I am hoping that people will read my blog out of interest, even if they have not been touched with autism directly or have no prior knowledge. Just because. Therefore, I think it is important to provide a light interpretation of the diagnosis of Autism Spectrum Disorders.

Briefly, there are two main bodies outlining diagnostic criteria; the Diagnostic and Statistical Manual of Mental Disorders (DSM) and International Statistical Classification of Diseases and Related Health Problems (ICD).

DSM

The DSM is a publication by the American Psychiatric Association (APA) for the classification of mental health illness and disorders [Wikipedia, 2020]. The current edition in use, DSM-5 was published in 2013. ASD sits in Section II, Neurodevelopmental Disorders 299.00.

It states that autism spectrum disorder is characterized by:

1. Persistent deficits in social communication and social interaction across multiple contexts, including;

1.1. deficits in social reciprocity- this means there may be a lack of the normal back-and-forth of a conversation, or that the individual doesn’t share much about their feelings and emotions, or they failure to initiate or respond to interactions.

1.2. nonverbal communicative behaviours used for social interaction- this is a reference to the integration of verbal and non-verbal forms of communication like gestures and facial expressions which are recognisable to most as a lack of eye-contact and facial expression.

1.3. skills in developing, maintaining, and understanding relationships- ranging from making friends to sustaining friendships due to an absence of interest in others, lack of imaginative play or a lack of ability to adjust behaviours to the social situation.

2. Restrictive, repetitive patterns of behaviour, interests, or activities.

2.1. Repetitive movements, speech or use of objects- these can be obvious and distressing like head-banging, but they can also be subtle like finger-flicking or coin spinning, interpreted as ‘quirky’.

2.2. Insistence on routines and rituals- eating the same foods every day or traveling the same route with great distress being caused upon even a small change in schedules.

2.3. Fixated interests with abnormal intensity- watching the same movie a hundred times over or taking a hobby to the extreme.

2.4. Sensory issues- these maybe an increased awareness, e.g. sounds and smells, or an apparent indifference, e.g. pain or temperature.

3. Symptoms should be apparent from a young age but as they may change with development and be masked by compensatory mechanisms, the diagnostic criteria may be met based on historical information.

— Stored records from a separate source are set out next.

Lemma lapmx_mul_dirichlet (x : nat -> R) (k : 'I_(ndof N)) : x 0%N = 0 -> x N = 0 ->
  \sum_(l < ndof N) lapmx k l * x l.+1 = 2 * x k.+1 - x k - x k.+2.
Proof.
move=> x0 xN.
have sum_ind p : \sum_(l < ndof N) (p == l :> nat)%:R * x l.+1
    = if (p < ndof N)%N then x p.+1 else 0.
  rewrite -(@big_ord1_eq _ _ +%R (fun l => x l.+1)) [RHS]big_mkcond /=.
  by apply: eq_bigr => l _; rewrite eq_sym; case: eqP; rewrite ?mul1r ?mul0r.
have lapE l : lapmx k l
    = 2 * (k == l :> nat)%:R - (k.+1 == l :> nat)%:R - (l.+1 == k :> nat)%:R.
  rewrite mxE /tridiag; move: (nat_of_ord k) (nat_of_ord l) => a b.
  by do 3 case: eqP => ? /=; rewrite ?mulr1 ?mulr0; try lia; ring.
under eq_bigr => l _ do rewrite lapE !mulrBl -mulrA.
rewrite !big_split /= !sumrN -mulr_sumr !sum_ind ltn_ord.
have -> : (if (k.+1 < ndof N)%N then x k.+2 else 0) = x k.+2.
  case: ltnP => // kN; suff -> : k.+2 = N by [].
  by move: (ltn_ord k) kN; rewrite /ndof; lia.
have -> : \sum_(l < ndof N) (l.+1 == k :> nat)%:R * x l.+1 = x k.
  have [k0|k_gt0] := posnP k.
    by rewrite k0 x0 big1 // => l _; rewrite mul0r.
  under eq_bigr => l _ do rewrite -[X in _ == X](prednK k_gt0) eqSS eq_sym.
  by rewrite sum_ind (leq_ltn_trans (leq_pred k)) // prednK.
by ring.
Qed.

Definition theta (i : nat) : R := i.+1%:R * pi / N%:R.

Definition sinmx : 'M[R]_(ndof N) := \matrix_(k, i) sin (k.+1%:R * theta i).

Lemma theta_bounds i : (i < ndof N)%N -> 0 < theta i < pi.
Proof.
move=> iN; have pi0 := @pi_gt0 R; have N0 : (0 : R) < N%:R by rewrite ltr0n.
rewrite divr_gt0 ?mulr_gt0 ?ltr0n //= ltr_pdivrMr // mulrC ltr_pM2l // ltr_nat.
by move: iN; rewrite /ndof; case: N N_gt0.
Qed.

Lemma stencil_symbol_theta_lt i j : (i < j)%N -> (j < ndof N)%N ->
  stencil_symbol (theta i) < stencil_symbol (theta j).
Proof.
move=> ij jN; have /andP[ti0 tipi] := theta_bounds (ltn_trans ij jN).
have /andP[tj0 tjpi] := theta_bounds jN.
have : theta i < theta j.
  by rewrite ltr_pM2r ?invr_gt0 ?ltr0n // ltr_pM2r ?pi_gt0 // ltr_nat.
rewrite -ltr_cos ?in_itv /= ?(ltW ti0) ?(ltW tj0) ?(ltW tipi) ?(ltW tjpi) //.
by rewrite /stencil_symbol; lra.
Qed.

Lemma lapmx_sinmx :
  lapmx *m sinmx = sinmx *m diag_mx (\row_i stencil_symbol (theta i)).
Proof.
apply/matrixP => k i; rewrite mul_mx_diag [LHS]mxE 3![in RHS]mxE.
have sinN : sin (N%:R * theta i) = 0.
  rewrite /theta mulrCA mulfV ?pnatr_eq0 -?lt0n // mulr1 mulr_natl -[pi *+ _]add0r.
  by rewrite (alternatingn (@sinDpi R)) sin0 mulr0.
under eq_bigr => l _ do rewrite [sinmx l i]mxE.
rewrite (lapmx_mul_dirichlet (x := fun m => sin (m%:R * theta i))) /= ?mul0r ?sin0 //.
set t := theta i; rewrite /stencil_symbol.
have -> : k%:R * t = k.+1%:R * t - t by rewrite -natr1; ring.
have -> : k.+2%:R * t = k.+1%:R * t + t by rewrite -[k.+2]addn1 natrD mulrDl mul1r.
rewrite sinB sinD; ring.
Qed.

Lemma det_sinmx_neq0 : \det sinmx != 0.
Proof.
apply: det_neq0_of_orthogonal.
  apply: sym_eigvec_orthogonal lapmx_sym lapmx_sinmx _ => i j eq_ij.
  have [ij|ji|/val_inj //] := ltngtP i j.
    by have := stencil_symbol_theta_lt ij (ltn_ord j); rewrite eq_ij ltxx.
  by have := stencil_symbol_theta_lt ji (ltn_ord i); rewrite eq_ij ltxx.
move=> i; have n0 : (0 < ndof N)%N by apply: leq_ltn_trans (ltn_ord i).
exists (Ordinal n0); rewrite mxE mul1r gt_eqF //.
by apply: sin_gt0_pi; apply: theta_bounds.
Qed.

Lemma KmxE : Kmx R N = h^-1 *: lapmx.
Proof. by apply/matrixP => i j; rewrite !mxE. Qed.

Lemma MmxE : Mmx R N = h *: (1%:M - 6^-1 *: lapmx).
Proof.
apply/matrixP => i j; rewrite !mxE /tridiag -val_eqE /=.
by case: eqP => _; [|case: ifP => _]; rewrite ?mulr1n ?mulr0n; field.
Qed.

Lemma jump_gram (c : R) :
  \matrix_(k, l) \sum_(m < ndof N) c * jump R m l * jump R m k
    = (c / h ^+ 2) *: (lapmx *m lapmx).
Proof.
apply/matrixP => k l; rewrite !mxE mulr_sumr; apply: eq_bigr => m _.
have h0 := meshh_neq0.
by rewrite /jump [tridiag _ _ m k]tridiagC !mxE; field.
Qed.

Lemma Agsfem_sinmx : Agsfem R N *m sinmx
  = sinmx *m diag_mx (\row_i (h^-1 * stiff_symbol (stencil_symbol (theta i)))).
Proof.
have h0 := meshh_neq0.
have -> : Agsfem R N = 0%:M + h^-1 *: lapmx + (- (12 * h)^-1) *: (lapmx *m lapmx).
  rewrite /Agsfem KmxE /Smx jump_gram.
  by apply/matrixP => k l; rewrite !mxE /etaK; field.
rewrite (quad_mx_diag _ _ _ lapmx_sinmx); congr (_ *m diag_mx _).
by apply/matrixP => ? i; rewrite !mxE /stiff_symbol; field.
Qed.

Lemma Bgsfem_sinmx : Bgsfem R N *m sinmx
  = sinmx *m diag_mx (\row_i (h * mass_symbol (stencil_symbol (theta i)))).
Proof.
have h0 := meshh_neq0.
have -> : Bgsfem R N = h%:M + (- h / 6) *: lapmx + (h / 360) *: (lapmx *m lapmx).
  rewrite /Bgsfem MmxE /Sgmx jump_gram.
  by apply/matrixP => k l; rewrite !mxE /etaM; field.
rewrite (quad_mx_diag _ _ _ lapmx_sinmx); congr (_ *m diag_mx _).
by apply/matrixP => ? i; rewrite !mxE /mass_symbol; field.
Qed.

Definition gsfem_eig (i : nat) : R := gsfem_symbol (stencil_symbol (theta i)) / h ^+ 2.

Lemma gsfem_eig_le i j : (i <= j)%N -> (j < ndof N)%N -> gsfem_eig i <= gsfem_eig j.
Proof.
rewrite leq_eqVlt => /orP[/eqP-> // | ij] jN.
have /andP[mi0 _] := stencil_symbol_range (theta i).
have /andP[_ mj4] := stencil_symbol_range (theta j).
rewrite ler_pM2r ?invr_gt0 ?exprn_gt0 ?meshh_gt0 // gsfem_symbol_le //; last by lra.
exact/ltW/stencil_symbol_theta_lt.
Qed.

Lemma gsfem_charpolyE : gsfem_charpoly R N =
  (\prod_(i < ndof N) - (h * mass_symbol (stencil_symbol (theta i))))
    *: \prod_(i < ndof N) ('X - (gsfem_eig i)%:P).
Proof.
rewrite /gsfem_charpoly (det_pencil_diag det_sinmx_neq0 Agsfem_sinmx Bgsfem_sinmx).
rewrite -scaler_prod; apply: eq_bigr => i _.
have mD := mass_symbol_stencil_gt0 (theta i).
have h0 := meshh_neq0.
have -> : h^-1 * stiff_symbol (stencil_symbol (theta i))
    = gsfem_eig i * (h * mass_symbol (stencil_symbol (theta i))).
  by rewrite /gsfem_eig /gsfem_symbol; field; rewrite h0 gt_eqF.
by rewrite polyCM -mul_polyC polyCN; ring.
Qed.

4. The symptoms cause significant impairment in life, whether socially, at school with academics or at work- the age may vary according to the characteristics of the individual and their environment.

5. The symptoms don’t fit into the criteria for intellectual disability or global developmental delay but the two make co-exist [American Psychiatric Association, 2013].

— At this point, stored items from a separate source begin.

(* Let $M$ be a commutative monoid. The map $X\mapsto\mathcal K(X)=\bigcap_{I\in X}I$ is a bijection from the set of irreducible components of the terminal space $\mathcal S(M)$ onto the set of minimal elements (with respect to inclusion) of $\mathcal S(M)$, with inverse $I\mapsto\mathcal H(I)=\{J\in\mathcal S(M)\mid J\supseteq I\}$.
   Context: A monoid is a commutative monoid $(M,\cdot,1)$. An ideal of $M$ is a subset $I\subseteq M$ such that $im\in I$ for all $i\in I$, $m\in M$; it is proper if $I\neq M$. A proper ideal $K$ of $M$ is strongly irreducible if for all ideals $I,J$ of $M$, $I\cap J\subseteq K$ implies $I\subseteq K$ or $J\subseteq K$. $\mathcal S(M)$ is the set of all strongly irreducible ideals of $M$. For $X\subseteq\mathcal S(M)$, $\mathcal K(X)=\bigcap_{I\in X}I$, and $\mathcal{HK}(X)=\{J\in\mathcal S(M)\mid J\supseteq\mathcal K(X)\}$ if $X\neq\emptyset$, $\mathcal{HK}(\emptyset)=\emptyset$. The terminal space of $M$ is the set $\mathcal S(M)$ with the topology whose closed sets are exactly the sets $\mathcal{HK}(X)$, $X\subseteq\mathcal S(M)$. A subset $Y$ of a topological space is irreducible if it is nonempty and whenever $Y\subseteq Y_1\cup Y_2$ with $Y_1,Y_2$ closed, then $Y\subseteq Y_1$ or $Y\subseteq Y_2$; an irreducible component is a maximal (under inclusion) irreducible subset. *)

From mathcomp Require Import all_boot.
From mathcomp Require Import boolp classical_sets.
Set Implicit Arguments. Unset Strict Implicit. Unset Printing Implicit Defensive.
Local Open Scope classical_set_scope.

Section TerminalSpace.
Variables (T : Type) (mul : T -> T -> T).

Definition is_ideal (I : set T) : Prop := forall i m, I i -> I (mul i m).

Definition strongly_irreducible (K : set T) : Prop :=
  [/\ is_ideal K, K <> setT &
      forall I J : set T, is_ideal I -> is_ideal J ->
        I `&` J `<=` K -> I `<=` K \/ J `<=` K].

Definition SM : set (set T) := [set K | strongly_irreducible K].

Definition Kc (X : set (set T)) : set T := \bigcap_(I in X) I.

Definition HK (X : set (set T)) : set (set T) :=
  [set J | X !=set0 /\ SM J /\ Kc X `<=` J].

Definition Hc (I : set T) : set (set T) := [set J | SM J /\ I `<=` J].

Definition ts_closed (C : set (set T)) : Prop :=
  exists X, X `<=` SM /\ C = HK X.

Definition ts_irreducible (Y : set (set T)) : Prop :=
  [/\ Y `<=` SM, Y !=set0 &
      forall Y1 Y2, ts_closed Y1 -> ts_closed Y2 ->
        Y `<=` Y1 `|` Y2 -> Y `<=` Y1 \/ Y `<=` Y2].

Definition ts_component (Y : set (set T)) : Prop :=
  ts_irreducible Y /\ forall Z, ts_irreducible Z -> Y `<=` Z -> Z = Y.

Definition SM_minimal (I : set T) : Prop :=
  SM I /\ forall J, SM J -> J `<=` I -> J = I.

End TerminalSpace.

(* The proof rests on a single characterisation: a nonempty family
   Y of strongly irreducible ideals is an irreducible subset of the terminal
   space exactly when its intersection K(Y) is again strongly irreducible
   ([irreducible_SM_Kc], [SM_Kc_irreducible]).  Closed sets HK(Z) are used in
   one direction to split Y along the two ideals I, J of a test I /\ J <= K(Y);
   in the other, a cover of Y by HK(X1) u HK(X2) yields K(X1) /\ K(X2) <= K(Y).
   Consequently H(I) is irreducible for every I in S(M), and K(H(I)) = I.
   Since H(K(Y)) contains Y and H is antitone, maximality of a component Y
   forces Y = H(K(Y)) with K(Y) minimal; conversely, for a minimal I any
   irreducible Z containing H(I) has K(Z) <= I, hence K(Z) = I and Z <= H(I).
   None of the monoid axioms are needed: the statement holds for any binary
   operation, and the final theorem simply ignores them. *)
From mathcomp Require Import all_boot.
From mathcomp Require Import boolp classical_sets.
Set Implicit Arguments. Unset Strict Implicit. Unset Printing Implicit Defensive.
Local Open Scope classical_set_scope.

Section TerminalSpaceComponents.
Variables (T : Type) (mul : T -> T -> T).

Lemma Kc_lb (X : set (set T)) (P : set T) : X P -> Kc X `<=` P.
Proof. exact: bigcap_inf. Qed.

Lemma Kc_glb (X : set (set T)) (I : set T) :
  (forall P, X P -> I `<=` P) -> I `<=` Kc X.
Proof. exact: sub_bigcap. Qed.

Lemma ideal_Kc (X : set (set T)) :
  (forall P, X P -> is_ideal mul P) -> is_ideal mul (Kc X).
Proof. by move=> idX i m Ki P XP; apply: idX (Ki P XP). Qed.

Lemma ideal_Kc_SM (X : set (set T)) : X `<=` SM mul -> is_ideal mul (Kc X).
Proof. by move=> XS; apply: ideal_Kc => P /XS []. Qed.

Lemma Kc_neq_setT (X : set (set T)) (P : set T) :
  X P -> P <> setT -> Kc X <> setT.
Proof.
move=> XP PnT KT; apply: PnT; apply/seteqP; split=> // x _.
by apply: (Kc_lb XP); rewrite KT.
Qed.

Lemma Kc_set0 : Kc (set0 : set (set T)) = setT.
Proof. by apply/seteqP; split=> // x _ P []. Qed.

Lemma Kc_Hc (I : set T) : SM mul I -> Kc (Hc mul I) = I.
Proof.
move=> SI; apply/seteqP; split; first by apply: Kc_lb; split.
by apply: Kc_glb => P [].
Qed.

Lemma sub_Hc_Kc (Y : set (set T)) : Y `<=` SM mul -> Y `<=` Hc mul (Kc Y).
Proof. by move=> YS P YP; split; [exact: YS | exact: Kc_lb]. Qed.

Lemma Hc_le (I J : set T) : J `<=` I -> Hc mul I `<=` Hc mul J.
Proof. by move=> JI P [SP IP]; split=> //; apply: subset_trans IP. Qed.

Lemma closed_HK (Z : set (set T)) : Z `<=` SM mul -> ts_closed mul (HK mul Z).
Proof. by move=> ZS; exists Z. Qed.

Lemma sub_HK (Z : set (set T)) : Z `<=` SM mul -> Z `<=` HK mul Z.
Proof. by move=> ZS P ZP; split; [exists P | split; [exact: ZS | exact: Kc_lb]]. Qed.

Lemma HK_cover_Kc (Y : set (set T)) (I : set T) :
  Y `<=` HK mul (Y `&` Hc mul I) -> I `<=` Kc Y.
Proof.
move=> cover; apply: Kc_glb => P /cover [_ [_ KP]].
by apply: subset_trans KP; apply: Kc_glb => Q [_ []].
Qed.

Lemma irreducible_SM_Kc (Y : set (set T)) :
  ts_irreducible mul Y -> SM mul (Kc Y).
Proof.
move=> [YS [P0 YP0] irrY]; split.
- exact: ideal_Kc_SM.
- by apply: (Kc_neq_setT YP0); case: (YS P0 YP0).
move=> I J idI idJ IJK.
have YIS : Y `&` Hc mul I `<=` SM mul by move=> P [/YS].
have YJS : Y `&` Hc mul J `<=` SM mul by move=> P [/YS].
have cover : Y `<=` HK mul (Y `&` Hc mul I) `|` HK mul (Y `&` Hc mul J).
  move=> P YP; have [_ _ siP] := YS P YP.
  have IJP : I `&` J `<=` P by apply: subset_trans IJK (Kc_lb YP).
  case: (siP I J idI idJ IJP) => [IP | JP].
  + by left; apply: sub_HK => //; split=> //; split=> //; exact: YS.
  + by right; apply: sub_HK => //; split=> //; split=> //; exact: YS.
case: (irrY _ _ (closed_HK YIS) (closed_HK YJS) cover) => coverI.
- by left; apply: HK_cover_Kc.
- by right; apply: HK_cover_Kc.
Qed.

Lemma SM_Kc_irreducible (Y : set (set T)) :
  Y `<=` SM mul -> Y !=set0 -> SM mul (Kc Y) -> ts_irreducible mul Y.
Proof.
move=> YS Y0 [_ KnT siK]; split=> // _ _ [X1 [X1S ->]] [X2 [X2S ->]] cover.
have X12K : Kc X1 `&` Kc X2 `<=` Kc Y.
  apply: Kc_glb => P /cover [[_ [_ K1P]] | [_ [_ K2P]]] x [K1x K2x].
  - exact: K1P.
  - exact: K2P.
have nonempty X : Kc X `<=` Kc Y -> X !=set0.
  move=> XK; apply/set0P/negP => /eqP X0; apply: KnT.
  by apply/seteqP; split=> //; rewrite -Kc_set0 -X0.
have side X : Kc X `<=` Kc Y -> Y `<=` HK mul X.
  move=> XK P YP; split; first exact: nonempty.
  by split; [exact: YS | apply: subset_trans XK (Kc_lb YP)].
case: (siK _ _ (ideal_Kc_SM X1S) (ideal_Kc_SM X2S) X12K) => XK.
- by left; apply: side.
- by right; apply: side.
Qed.

Lemma irreducible_Hc (I : set T) : SM mul I -> ts_irreducible mul (Hc mul I).
Proof.
move=> SI; apply: SM_Kc_irreducible; first by move=> P [].
- by exists I; split.
- by rewrite Kc_Hc.
Qed.

Lemma component_Hc_Kc (Y : set (set T)) :
  ts_component mul Y -> Hc mul (Kc Y) = Y.
Proof.
move=> [irrY maxY]; have [YS _ _] := irrY.
exact: maxY (irreducible_Hc (irreducible_SM_Kc irrY)) (sub_Hc_Kc YS).
Qed.

Lemma component_minimal (Y : set (set T)) :
  ts_component mul Y -> SM_minimal mul (Kc Y).
Proof.
move=> compY; have [irrY maxY] := compY.
split=> [|J SJ JK]; first exact: irreducible_SM_Kc.
have YHJ : Y `<=` Hc mul J by rewrite -(component_Hc_Kc compY); exact: Hc_le.
by rewrite -(maxY _ (irreducible_Hc SJ) YHJ) Kc_Hc.
Qed.

Lemma minimal_component (I : set T) :
  SM_minimal mul I -> ts_component mul (Hc mul I).
Proof.
move=> [SI minI]; split=> [|Z irrZ HZ]; first exact: irreducible_Hc.
have [ZS _ _] := irrZ.
have KZI : Kc Z `<=` I by apply: Kc_lb; apply: HZ; split.
have KZ : Kc Z = I := minI _ (irreducible_SM_Kc irrZ) KZI.
by apply/seteqP; split=> //; rewrite -KZ; exact: sub_Hc_Kc.
Qed.

End TerminalSpaceComponents.

Theorem theorem2p8 (T : Type) (mul : T -> T -> T) (one : T)
    (mulA : forall x y z, mul x (mul y z) = mul (mul x y) z)
    (mulC : forall x y, mul x y = mul y x)
    (mul1 : forall x, mul one x = x) :
  (forall X : set (set T), ts_component mul X ->
      SM_minimal mul (Kc X) /\ Hc mul (Kc X) = X) /\
  (forall I : set T, SM_minimal mul I ->
      ts_component mul (Hc mul I) /\ Kc (Hc mul I) = I).
Proof.
split=> [X compX | I minI].
- by split; [exact: component_minimal | exact: component_Hc_Kc].
- by split; [exact: minimal_component | case: minI => SI _; exact: Kc_Hc].
Qed.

To summarise further, in order to meet diagnostic criteria for ASD, a child must have:

- persistent deficits in each of three areas of social communication and interaction mentioned above, plus

- at least two of four types of restricted, repetitive behaviours,

- from an early age,

- causing significant impairment in daily functioning.

It should be noted that the impairment may not become obvious until later in life, if the individual is not struggling intellectually and has a stable environment, as they develop compensatory mechanisms and learn to mask traits early on. Coping strategies may only start to crack under the pressure of extreme stress, in my case a sudden break in routines filled with ongoing uncertainty, caused by a global pandemic! Hence, an assessment should enquire about behaviours from a young age even if they are not currently present.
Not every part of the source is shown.